- [The data]
_ _ _ _ _
(* Let $n=p'q$ where $p',q$ are distinct primes both at least $7$, and let $A=L(n;p')$. Then $D_A(n)=4$.
   Context: $\mathbb{Z}_n$ is the integers mod $n$, $U(n)$ its unit group. For nonempty $A\subseteq\mathbb{Z}_n\setminus\{0\}$, a sequence $(x_1,\ldots,x_k)$ is an $A$-weighted zero-sum sequence if $\sum a_ix_i=0$ for some $a_i\in A$; $D_A(n)$ is the least $k$ such that every length-$k$ sequence in $\mathbb{Z}_n$ has a nonempty $A$-weighted zero-sum subsequence. For odd $n=\prod p_i^{r_i}$, a prime $p\mid n$ and $a\in U(n)$, $\left(\frac{a}{p}\right)$ is the Legendre symbol of the image of $a$ in $\mathbb{Z}_p$ and $\left(\frac{a}{n}\right)=\prod\left(\frac{a}{p_i}\right)^{r_i}$. For a prime divisor $p'$ of $n$, $L(n;p')=\{a\in U(n): \left(\frac{a}{n}\right)=\left(\frac{a}{p'}\right)\}$. *)

(* Z_n is represented by 'I_n (residues 0..n-1), arithmetic mod n. *)
From mathcomp Require Import all_boot all_order all_algebra.
Set Implicit Arguments. Unset Strict Implicit. Unset Printing Implicit Defensive.
Import GRing.Theory.
Local Open Scope ring_scope.

Definition is_sq_mod (p a : nat) : bool :=
  [exists x : 'I_p, (x * x %% p == a %% p)%N].

Definition legendre (p a : nat) : int :=
  if (p %| a)%N then 0 else if is_sq_mod p a then 1 else -1.

Definition jacobi (n a : nat) : int :=
  \prod_(p <- primes n) (legendre p a) ^+ (logn p n).

Definition unitZn (n : nat) (a : 'I_n) : bool := coprime a n.

Definition Lset (n p' : nat) : pred 'I_n :=
  fun a => unitZn a && (jacobi n a == legendre p' a).

Definition has_Azs (n : nat) (A : pred 'I_n) (k : nat) (x : 'I_k -> 'I_n) : Prop :=
  exists (I : {set 'I_k}) (w : 'I_k -> 'I_n),
    I != set0 /\ (forall i, i \in I -> A (w i)) /\
    ((\sum_(i in I) (w i : nat) * (x i : nat)) %% n = 0)%N.

Definition DA_prop (n : nat) (A : pred 'I_n) (k : nat) : Prop :=
  forall x : 'I_k -> 'I_n, has_Azs A x.

Definition DA_is (n : nat) (A : pred 'I_n) (k : nat) : Prop :=
  DA_prop A k /\ forall k', DA_prop A k' -> (k <= k')%N.

Arguments Lset : clear implicits.
Arguments DA_is : clear implicits.
Arguments DA_prop : clear implicits.

(* By the Chinese remainder theorem Z_pq = F_p x F_q, and (a/pq) = (a/p)(a/q),
   so L(pq; p) corresponds to the pairs (u, v) with u <> 0 and v a nonzero
   square mod q.  A weighted zero-sum on an index set I thus splits into two
   independent problems: cancel the residues mod p with nonzero weights, which
   is possible iff the number of nonzero ones in I is not 1, and cancel the
   residues mod q with nonzero square weights, which is possible when that
   number is 0 or at least 3, because for q >= 7 every nonzero element is
   a x^2 + b y^2 with x, y <> 0 as soon as a, b <> 0.  Among any four terms some
   I meets both conditions, while (1, p, -pz) with z a nonsquare mod q admits
   none. *)

From mathcomp Require Import all_boot all_order all_algebra.
From mathcomp Require Import ring zify.
Set Implicit Arguments. Unset Strict Implicit. Unset Printing Implicit Defensive.
Import GRing.Theory.
Local Open Scope ring_scope.

Section Squares.
Variable F : finFieldType.
Implicit Types x y z : F.

Definition is_sqr x : bool := [exists y, x == y ^+ 2].

Lemma is_sqrP x : reflect (exists y, x = y ^+ 2) (is_sqr x).
Proof. by apply: (iffP existsP) => [[y /eqP ->]|[y ->]]; exists y. Qed.

Lemma is_sqr_sqr x : is_sqr (x ^+ 2).
Proof. by apply/is_sqrP; exists x. Qed.

Lemma is_sqr0 : is_sqr 0.
Proof. by apply/is_sqrP; exists 0; rewrite expr0n. Qed.

Lemma is_sqr1 : is_sqr 1.
Proof. by apply/is_sqrP; exists 1; rewrite expr1n. Qed.

Lemma is_sqrM x y : is_sqr x -> is_sqr y -> is_sqr (x * y).
Proof. by move=> /is_sqrP[a ->] /is_sqrP[b ->]; rewrite -exprMn is_sqr_sqr. Qed.

Lemma is_sqrVE x : is_sqr x^-1 = is_sqr x.
Proof.
suff sqrV y : is_sqr y -> is_sqr y^-1 by apply/idP/idP => /sqrV; rewrite ?invrK.
by move=> /is_sqrP[a ->]; rewrite -exprVn is_sqr_sqr.
Qed.

(* The sign bit tells x from -x, so x |-> (x^2, bit) is injective: squaring
   is at most two-to-one. *)
Lemma card_nonsqr_le :
  (#|[set x | ~~ is_sqr x]| <= #|[set x | (x != 0%R) && is_sqr x]|)%N.
Proof.
set Q := [set x | _ && _]; set N := [set x | _].
pose f x := (x ^+ 2, (enum_rank x < enum_rank (- x))%N).
have f_inj : injective f.
  move=> x y [xy2 +]; have /orP[/eqP // | /eqP ->] : (x == y) || (x == - y).
    by rewrite -eqf_sqr xy2.
  by rewrite /= opprK; case: ltngtP => [_|_|/val_inj/enum_rank_inj ->].
have Q_N : #|[set x : F | x != 0]| = (#|Q| + #|N|)%N.
  rewrite -(cardsID [set x | is_sqr x]); congr addn; apply: eq_card => x.
    by rewrite !inE.
  by rewrite !inE andbC; case: eqP => // ->; rewrite is_sqr0.
have : f @: [set x : F | x != 0] \subset setX Q [set: bool].
  apply/subsetP => _ /imsetP[x + ->]; rewrite inE => x0.
  by rewrite !inE sqrf_eq0 x0 is_sqr_sqr.
move/subset_leq_card; rewrite card_imset // cardsX cardsT card_bool Q_N.
by rewrite muln2 -addnn leq_add2l.
Qed.

Lemma is_sqrM_nonsqr x y : ~~ is_sqr x -> ~~ is_sqr y -> is_sqr (x * y).
Proof.
move=> xN yN; have x0 : x != 0 by apply: contraNneq xN => ->; apply: is_sqr0.
set Q := [set s | (s != 0) && is_sqr s]; set N := [set s | ~~ is_sqr s].
have xQ_N : [set x * s | s in Q] \subset N.
  apply/subsetP => _ /imsetP[s + ->]; rewrite !inE => /andP[s0 sQ].
  by apply: contra xN => xsQ; rewrite -(mulfK s0 x) is_sqrM ?is_sqrVE.
have {}xQ_N : [set x * s | s in Q] = N.
  apply/eqP; rewrite eqEcard xQ_N card_imset; last exact: mulfI.
  exact: card_nonsqr_le.
have : y \in N by rewrite inE.
rewrite -xQ_N => /imsetP[s + ->]; rewrite inE => /andP[_ sQ].
by rewrite mulrA -expr2 is_sqrM ?is_sqr_sqr.
Qed.

Lemma is_sqrM_eq x y : x != 0 -> y != 0 -> is_sqr (x * y) = (is_sqr x == is_sqr y).
Proof.
move=> x0 y0; case xQ: (is_sqr x); case yQ: (is_sqr y) => /=.
- exact: is_sqrM.
- by apply: contraFF yQ => xyQ; rewrite -(mulKf x0 y) is_sqrM ?is_sqrVE.
- by apply: contraFF xQ => xyQ; rewrite -(mulfK y0 x) is_sqrM ?is_sqrVE.
- by rewrite is_sqrM_nonsqr ?xQ ?yQ.
Qed.

Lemma exists_nonsqr : (2%:R : F) != 0 -> exists z, ~~ is_sqr z.
Proof.
move=> two0; apply/existsP; apply: contraNT two0 => /existsPn allQ.
pose rt z := odflt 0 [pick y | z == y ^+ 2].
have rtK : cancel rt (fun y => y ^+ 2).
  move=> z; rewrite /rt; case: pickP => [y /eqP -> // | noroot].
  by have /negPn/is_sqrP[y zy] := allQ z; have := noroot y; rewrite zy eqxx.
have [[a a1] [b b1]] : (exists a, 1 = rt a) /\ (exists b, -1 = rt b).
  by split; apply/codomP; apply: injF_onto (can_inj rtK) _.
have ea : a = 1 by rewrite -(rtK a) -a1 expr1n.
have eb : b = 1 by rewrite -(rtK b) -b1 sqrrN expr1n.
have : 1 = - 1 :> F by rewrite {1}a1 b1 ea eb.
by move/eqP; rewrite -subr_eq0 opprK.
Qed.
End Squares.

Section BinaryForm.
Variable F : finFieldType.
Implicit Types e d s : F.

Definition represented e d : Prop :=
  exists x y, [/\ x != 0, y != 0 & d = x ^+ 2 + e * y ^+ 2].

Lemma represented_scale e d s :
  s != 0 -> represented e d -> represented e (s ^+ 2 * d).
Proof.
move=> s0 [x [y [x0 y0 ->]]]; exists (s * x), (s * y).
by rewrite !mulf_neq0 //; split => //; ring.
Qed.

Lemma represented_mull e d : e != 0 -> represented e d -> represented e (e * d).
Proof.
move=> e0 [x [y [x0 y0 ->]]]; exists (e * y), x.
by rewrite mulf_neq0 //; split => //; ring.
Qed.

(* d = (d / d') d' with d / d' a nonzero square. *)
Lemma represented_sqr_class e d d' : d != 0 -> d' != 0 ->
  is_sqr d = is_sqr d' -> represented e d' -> represented e d.
Proof.
move=> d0 d'0 dd'; have : is_sqr (d / d') by rewrite is_sqrM_eq ?invr_eq0 // is_sqrVE dd'.
case/is_sqrP => s ds; have s0 : s != 0 by rewrite -sqrf_eq0 -ds mulf_neq0 ?invr_eq0.
by move/(represented_scale s0); rewrite -ds divfK.
Qed.
End BinaryForm.

Section WeightedZeroSums.
Variables (F : fieldType) (T : finType).
Implicit Types (J R L : {set T}) (b w : T -> F).

Definition nz_support J b := [set j in J | b j != 0].

Lemma sum_nz_support J b w :
  \sum_(j in J) w j * b j = \sum_(j in nz_support J b) w j * b j.
Proof.
rewrite big_set /= [RHS]big_mkcondr; apply: eq_bigr => j _.
by case: eqP => // ->; rewrite mulr0.
Qed.

Variable W : pred F.
Hypothesis W1 : 1 \in W.

Lemma weighted_zero_sum_trivial J b : nz_support J b = set0 ->
  exists2 w, (forall i, w i \in W) & \sum_(j in J) w j * b j = 0.
Proof. by move=> K0; exists (fun=> 1) => //; rewrite sum_nz_support K0 big_set0. Qed.

Lemma weighted_sum_neq0 c R b : c \in W -> c != 1 -> R != set0 ->
  {in R, forall i, b i != 0} ->
  exists2 w, (forall i, w i \in W) & \sum_(i in R) w i * b i != 0.
Proof.
move=> Wc c1 /set0Pn[j jR] b0; rewrite -(subr_eq0 c) in c1.
pose S := \sum_(i in R :\ j) b i.
have sum_w t : \sum_(i in R) (if i == j then t else 1) * b i = t * b j + S.
  rewrite (big_setD1 j jR) eqxx; congr (_ + _); apply: eq_bigr => i.
  by rewrite !inE => /andP[/negbTE -> _]; rewrite mul1r.
pose t := if b j + S == 0 then c else 1.
exists (fun i => if i == j then t else 1) => [i|].
  by case: (i == j); rewrite // /t; case: ifP.
rewrite sum_w /t; have [Sb0 | ] := eqVneq (b j + S) 0; last by rewrite mul1r.
have -> : S = - b j by apply/eqP; rewrite -addr_eq0 addrC Sb0.
by rewrite -[X in _ - X]mul1r -mulrBl mulf_neq0 ?b0.
Qed.

(* Weights off L make the rest of the sum nonzero; L then absorbs its opposite. *)
Lemma weighted_zero_sum c J L b : c \in W -> c != 1 -> L \proper nz_support J b ->
  (forall d, d != 0 ->
     exists2 w, (forall i, w i \in W) & \sum_(i in L) w i * b i = d) ->
  exists2 w, (forall i, w i \in W) & \sum_(j in J) w j * b j = 0.
Proof.
set K := nz_support J b => Wc c1 /andP[LK KL] L_rep.
have b0 : {in K :\: L, forall i, b i != 0} by move=> i; rewrite !inE => /and3P[].
have R0 : K :\: L != set0 by rewrite setD_eq0.
have [wR WwR sR0] := weighted_sum_neq0 Wc c1 R0 b0.
set SR := \sum_(i in K :\: L) _ in sR0.
have /L_rep[wL WwL sL] : - SR != 0 by rewrite oppr_eq0.
exists (fun i => if i \in L then wL i else wR i) => [i|]; first by case: ifP.
rewrite sum_nz_support -/K (big_setID L) /= (setIidPr LK) -[RHS](addNr SR).
congr (_ + _); first by rewrite -sL; apply: eq_bigr => i ->.
by apply: eq_bigr => i; rewrite inE => /andP[/negbTE ->].
Qed.
End WeightedZeroSums.

Lemma unit_weighted_zero_sum (F : fieldType) (T : finType) (J : {set T}) (b : T -> F) :
  (2%:R : F) != 0 -> #|nz_support J b| != 1%N ->
  exists2 w : T -> F, (forall i, w i != 0) & \sum_(j in J) w j * b j = 0.
Proof.
set K := nz_support J b => two0 K1; pose W : pred F := fun x => x != 0.
have W1 : 1 \in W := oner_neq0 F.
suff [w Ww sw0] : exists2 w, (forall i, w i \in W) & \sum_(j in J) w j * b j = 0.
  by exists w.
have [K0 | [j jK]] := set_0Vmem K; first by apply: weighted_zero_sum_trivial.
apply: (weighted_zero_sum W1 (c := 2%:R) (L := [set j])) => //.
- by rewrite -subr_eq0 mulr2n addrK oner_neq0.
- rewrite properEcard sub1set jK cards1 ltn_neqAle eq_sym K1.
  by apply/card_gt0P; exists j.
- move=> d d0; exists (fun=> d / b j) => [i|].
    by rewrite unfold_in /W mulf_neq0 ?invr_eq0; move: jK; rewrite inE => /andP[].
  by rewrite big_set1 divfK //; move: jK; rewrite inE => /andP[].
Qed.

Section PrimeField.
Variable p : nat.
Hypothesis p_pr : prime p.

Lemma natr_Fp_eq0 k : ((k%:R : 'F_p) == 0) = (p %| k)%N.
Proof. by rewrite (dvdn_pcharf (pchar_Fp p_pr)). Qed.

Lemma natr_Fp_neq0 k : (0 < k < p)%N -> (k%:R : 'F_p) != 0.
Proof.
case/andP=> k0 kp; rewrite natr_Fp_eq0; apply/negP => /(dvdn_leq k0).
by rewrite leqNgt kp.
Qed.

Lemma natr_Fp_val (x : 'F_p) : (x : nat)%:R = x.
Proof. exact: natr_Zp. Qed.

Lemma is_sq_modE w : is_sq_mod p w = is_sqr (w%:R : 'F_p).
Proof.
apply/existsP/is_sqrP => [[x /eqP xw] | [y yw]].
  by exists (x : nat)%:R; rewrite -Fp_nat_mod // -xw Fp_nat_mod // natrM expr2.
have y_lt : ((y : nat) < p)%N by have := ltn_ord y; move: (y : nat) => k; rewrite Fp_cast.
by exists (Ordinal y_lt); rewrite /= -!val_Fp_nat // natrM natr_Fp_val yw expr2.
Qed.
_ _ _ _ _
- [The problem] If a line in the data above contains the string "existsP", count it; then state only the total.

- [Task output] 3